Ed Crooks, Economics Editor
Financial Times; Jul 03, 2002

Kenneth Rogoff, the head of research at the International Monetary Fund, has made an extraordinarily outspoken and personal attack on Joseph Stiglitz, the Nobel prize-winning former chief economist of the World Bank. At a lunchtime debate last Friday at the World Bank in Washington to launch Professor Stiglitz's new book, Mr Rogoff responded to Prof Stiglitz's opening words with criticism of his ideas, opinions and record at the bank, and suggested that the book should be withdrawn. The World Bank is putting a video recording of the debate on its website.

The text of Mr Rogoff's remarks, obtained by the FT, sums up with the words: "Joe, as an academic, you are a towering genius. Like your fellow Nobel prize winner John Nash, you have a 'beautiful mind'. As a policymaker, however, you were just a bit less impressive." Speaking in London yesterday, Prof Stiglitz said he had been "quite dumbfounded" by the attack. "Ken Rogoff is normally a relatively mild-mannered person. This was nothing to do with what I said, nothing to do with the substantive issues. It was 90 per cent a personal diatribe."

Mr Rogoff, who has spent most of his career in academia and is an international chess grand master, is personally charming, softly-spoken and generally courteous. But his views on Prof Stiglitz reflect many years of pent-up institutional resentment. Even before resigning from the bank late in 1999, Prof Stiglitz had become known as a critic of the IMF. His book, Globalization and its Discontents, depicts the fund as hidebound by "a curious blend of ideology and bad economics", prescribing "standard" solutions to economic crises "without considering the effects they would have on the people in the countries told to follow these policies." At Friday's debate, in front of an audience mostly made up of World Bank and IMF staff, Mr Rogoff hit back, paying tribute first to his colleagues at the IMF as "superb professionals" who, he said, had been shot at, worked in brutal conditions and contracted tropical diseases while doing their jobs.
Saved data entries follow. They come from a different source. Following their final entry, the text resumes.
Theorem theorem1p1 (R : realType) (G : mgraph R) (A : set (gpt G))
    (f : gpt G -> R) :
  edge_isometric G ->
  closed_set A -> A !=set0 ->
  (exists M : R, forall x, A x -> `|f x| <= M) ->
  ((exists M : R, forall x, (`|conv_env A f x| <= M%:E)%E) <->
     (forall v : mV G, terminal v -> A (vpt v))) /\
  ((forall v : mV G, terminal v -> A (vpt v)) ->
     forall x, ((inf (f @` A))%:E <= conv_env A f x <= (sup (f @` A))%:E)%E).
Proof.
move=> edge_iso A_closed A_neq0 [B f_bounded].
have f_lb : has_lbound (f @` A).
  by exists (- B) => _ [y /f_bounded + <-]; rewrite ler_norml => /andP[].
have f_ub : has_ubound (f @` A).
  by exists B => _ [y /f_bounded + <-]; rewrite ler_norml => /andP[].
have bounds (A_term : forall v, terminal v -> A (vpt v)) x :
    ((inf (f @` A))%:E <= conv_env A f x <= (sup (f @` A))%:E)%E.
  by apply/andP; split; [exact: conv_env_ge_inf | apply: conv_env_le_sup].
split=> //; split=> [[M env_le] v tv|A_term].
  apply: contrapT => vA.
  have := conv_env_unbounded_terminal edge_iso (M + 1) A_closed f_lb tv vA.
  move=> /le_trans/(_ (le_trans (lee_abs _) (env_le (vpt v)))).
  by rewrite lee_fin; lra.
by exists (`|inf (f @` A)| + `|sup (f @` A)|) => x; apply: abse_le_bounds; exact: bounds.
Qed.
Lemma pform_dual_int c c' : in_dual G c -> in_dual G c' -> pform c c' \is a Num.int.
Proof.
move=> hc hc'; rewrite pform_disc_lift_split; apply: rpredD; last exact: pform_disc_lift_int.
by rewrite mulr_natl rpredMn ?bform_sub_disc_lift_int.
Qed.

Lemma ratFp_pform c c' : in_dual G c -> in_dual G c' ->
  ratFp p (pform c c') = '[f c *m disc_gram, f c'].
Proof.
move=> hc hc'; have hi := bform_sub_disc_lift_int hc hc'.
rewrite pform_disc_lift_split ratFpD ?pform_disc_lift_int //; last by rewrite mulr_natl rpredMn.
by rewrite ratFp_pmul // add0r ratFp_pform_disc_lift.
Qed.

Lemma disc_gram_int_pair c c' : in_dual G c -> in_dual G c' ->
  bform G c c' \is a Num.int -> '[f c *m disc_gram, f c'] = 0.
Proof. by move=> hc hc' hcc'; rewrite -ratFp_pform // ratFp_pmul. Qed.

Lemma disc_gram_row_free : row_free disc_gram.
Proof.
rewrite -kermx_eq0; apply/eqP/row_matrixP => i; rewrite row0.
set x := row i (kermx disc_gram); have xM : x *m disc_gram = 0.
  by rewrite -row_mul mulmx_ker row0.
have hc := disc_lift_dual x.
have c_d k : bform G (disc_lift x) (d k) \is a Num.int.
  have := ratFp_eq0 p_pr (pform_dual_int hc (d_dual k)).
  rewrite [_ / _]mulrC mulKf ?pnatr_eq0 -?lt0n ?prime_gt0 //; apply.
  by rewrite ratFp_pform ?f_disc_lift // xM mul0mx mxE.
suff /(fker hc) : intvec (disc_lift x) by rewrite f_disc_lift.
apply: (bidual_intvec Gsym Gu) => y hy.
rewrite -(subrK (disc_lift (f y)) y) bformDr rpredD //.
  exact/intrP/hc/sub_disc_lift_intvec.
by rewrite bform_sumr rpred_sum // => k _; rewrite bformMnr rpredMn.
Qed.

End DiscriminantForm.

Lemma gram_factor_unitmx n (G : 'M[int]_n) (B : 'M[rat]_n) :
  pos_def_integral_gram G -> B *m B^T = gramQ G -> B \in unitmx.
Proof.
move=> [_ Gpos] BBt; rewrite unitmxE unitfE; apply/negP => /det0P[v v_neq0 vB].
by have := Gpos v v_neq0; rewrite (bform_factor _ _ BBt) vB mul0mx mxE ltxx.
Qed.

Lemma bform_pullback n (G : 'M[int]_n) (B : 'M[rat]_n) x y :
  B \in unitmx -> B *m B^T = gramQ G ->
  bform G (x *m invmx B) (y *m invmx B) = '[x, y].
Proof. by move=> Bu BBt; rewrite (bform_factor _ _ BBt) !mulmxKV. Qed.

(* The rows of B span the image of L, so x *m invmx B are the coordinates of x in L. *)
Section RootlessEmbedding.
Variables (G : 'M[int]_16) (B : 'M[rat]_16) (F : fieldType) (V : lmodType F).
Variable f : 'rV[rat]_16 -> V.
Hypotheses (Gpos : pos_def_integral_gram G) (Groot : rootless G).
Hypotheses (BBt : B *m B^T = gramQ G) (HB : forall i, in_HS16 (row i B)).
Hypothesis fD : forall x y, in_dual G x -> in_dual G y -> f (x + y) = f x + f y.
Hypothesis fker : forall x, in_dual G x -> (f x = 0 <-> intvec x).
Hypothesis two_neq0 : 2%:R != 0 :> F.

Let Bu : B \in unitmx := gram_factor_unitmx Gpos BBt.

Lemma pullback_D_dual x : in_D x -> in_dual G (x *m invmx B).
Proof.
move=> hx y hy; apply/intrP; rewrite (bform_factor _ _ BBt) mulmxKV //.
by apply: dot_D_HS16 => //; exact: in_HS16_comb.
Qed.

Lemma pullback_root_neq0 x : in_D x -> '[x] = 2 -> f (x *+ 2 *m invmx B) != 0.
Proof.
move=> hx x2; have hxB := pullback_D_dual hx.
rewrite -scaler_nat -scalemxAl scaler_nat (dualfMn fD) //; apply/eqP => /(double_eq0 two_neq0).
by move/(fker hxB) => xB_int; apply: Groot; exists (x *m invmx B); rewrite bform_pullback.
Qed.

Definition root_vec (i : 'I_16) : 'rV[rat]_16 := 'e_i *+ 2 *m invmx B.

Lemma root_vec_dual i : in_dual G (root_vec i).
Proof. exact/pullback_D_dual/in_D_delta2. Qed.

Lemma root_vec_pair_int i j : bform G (root_vec i) (root_vec j) \is a Num.int.
Proof.
by rewrite bform_pullback // dot_intvec //; [case: (in_D_delta2 i) | case: (in_D_delta2 j)].
Qed.

Lemma root_image_sign i j : i != j ->
  f (root_vec i) != f (root_vec j) /\ f (root_vec i) != - f (root_vec j).
Proof.
move=> ij; have dj := root_vec_dual j.
have fB : f (('e_i - 'e_j) *+ 2 *m invmx B) = f (root_vec i) - f (root_vec j).
  by rewrite -(dualfN fD dj) -(fD (root_vec_dual i) (dualN dj)) -mulmxBl -mulrnBl.
have fDj : f (('e_i + 'e_j) *+ 2 *m invmx B) = f (root_vec i) + f (root_vec j).
  by rewrite -(fD (root_vec_dual i) dj) /root_vec -mulmxDl -mulrnDl.
split; apply/eqP => e.
- by move/eqP: (pullback_root_neq0 (in_D_deltaB i j) (dot_deltaB ij)); rewrite fB e subrr.
- by move/eqP: (pullback_root_neq0 (in_D_deltaD i j) (dot_deltaD ij)); rewrite fDj e addNr.
Qed.

End RootlessEmbedding.

Theorem lemma4p2 (G : 'M[int]_16) :
  pos_def_integral_gram G ->
  rootless G ->
  disc_group_iso G ('rV['F_5]_4) ->
  ~ iso_to_sublattice_HS16 G.
Proof.
move=> Gpos Groot [f [fD fsurj fker]] [B [HB BBt]].
have [Gsym _] := Gpos; have p_pr : prime 5 by []; have two_neq0 : 2%:R != 0 :> 'F_5 by [].
have Bu := gram_factor_unitmx Gpos BBt.
have Gu : gramQ G \in unitmx by rewrite -BBt unitmx_mul unitmx_tr Bu.
have [d d_dual fd] : exists2 d : 'I_4 -> 'rV[rat]_16,
    forall k, in_dual G (d k) & forall k, f (d k) = 'e_k.
  exact: fin_all_exists2 (fun k => fsurj ('e_k)).
pose W := \matrix_i f (root_vec B i).
have WMW : W *m disc_gram 5 G d *m W^T = 0.
  apply/matrixP => i j; rewrite mulmx_tr_entry !rowK [RHS]mxE.
  apply: (disc_gram_int_pair p_pr Gsym fD fker d_dual fd);
    [exact: root_vec_dual | exact: root_vec_dual | exact: root_vec_pair_int].
have Mfree := disc_gram_row_free p_pr Gsym Gu fD fker d_dual fd.
have rankW : (\rank W <= 2)%N by rewrite -leq_double (isotropic_rank Mfree WMW).
suff : (16.*2.-1 <= #|rowg W|)%N.
  by rewrite card_rowg card_Fp // => /leq_trans/(_ (leq_pexp2l (isT : 0 < 5)%N rankW)).
apply: card_signed_family (double_eq0 two_neq0)
  (root_image_sign Gpos Groot BBt HB fD fker two_neq0) _ _.
- by move=> i; rewrite mem_rowg -(rowK (fun i => f (root_vec B i)) i) row_sub.
- by move=> v; rewrite !mem_rowg eqmx_opp.
Qed.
"Their dedication humbles me but in your speeches, in your book, you feel free to carelessly slander them," he said. Mr Rogoff drew attention to a passage about Stanley Fischer, the former first deputy managing director of the fund who is now a vice-chairman at Citigroup. The book says: "One could only ask, was Fischer being richly rewarded for having faithfully executed what he was told to do?" Mr Rogoff said: "Of all the false inferences and innuendos in the book, this is the most outrageous" and suggested the book should be withdrawn "until this slander is corrected". Prof Stiglitz said he was making a point about the perception of conflicts of interest, not making any accusations about Mr Fischer personally.

Mr Rogoff also challenged Prof Stiglitz's policy prescriptions, which reject cutting budget deficits and raising rates as remedies for countries in crisis. "We earthlings have found that when a country in fiscal distress tries to escape by printing more money, inflation rises, often uncontrollably," he said. "The laws of economics may be different in your part of the gamma quadrant." One member of the audience on Friday described the mood as "a bit flabbergasted" by Mr Rogoff's tone. Although Prof Stiglitz's relations with the bank have not always been smooth - James Wolfensohn, its president, described him as a "free spirit" shortly before his departure - he is still well-regarded there, and is a member of a panel of independent advisers to Nicholas Stern, his successor as chief economist.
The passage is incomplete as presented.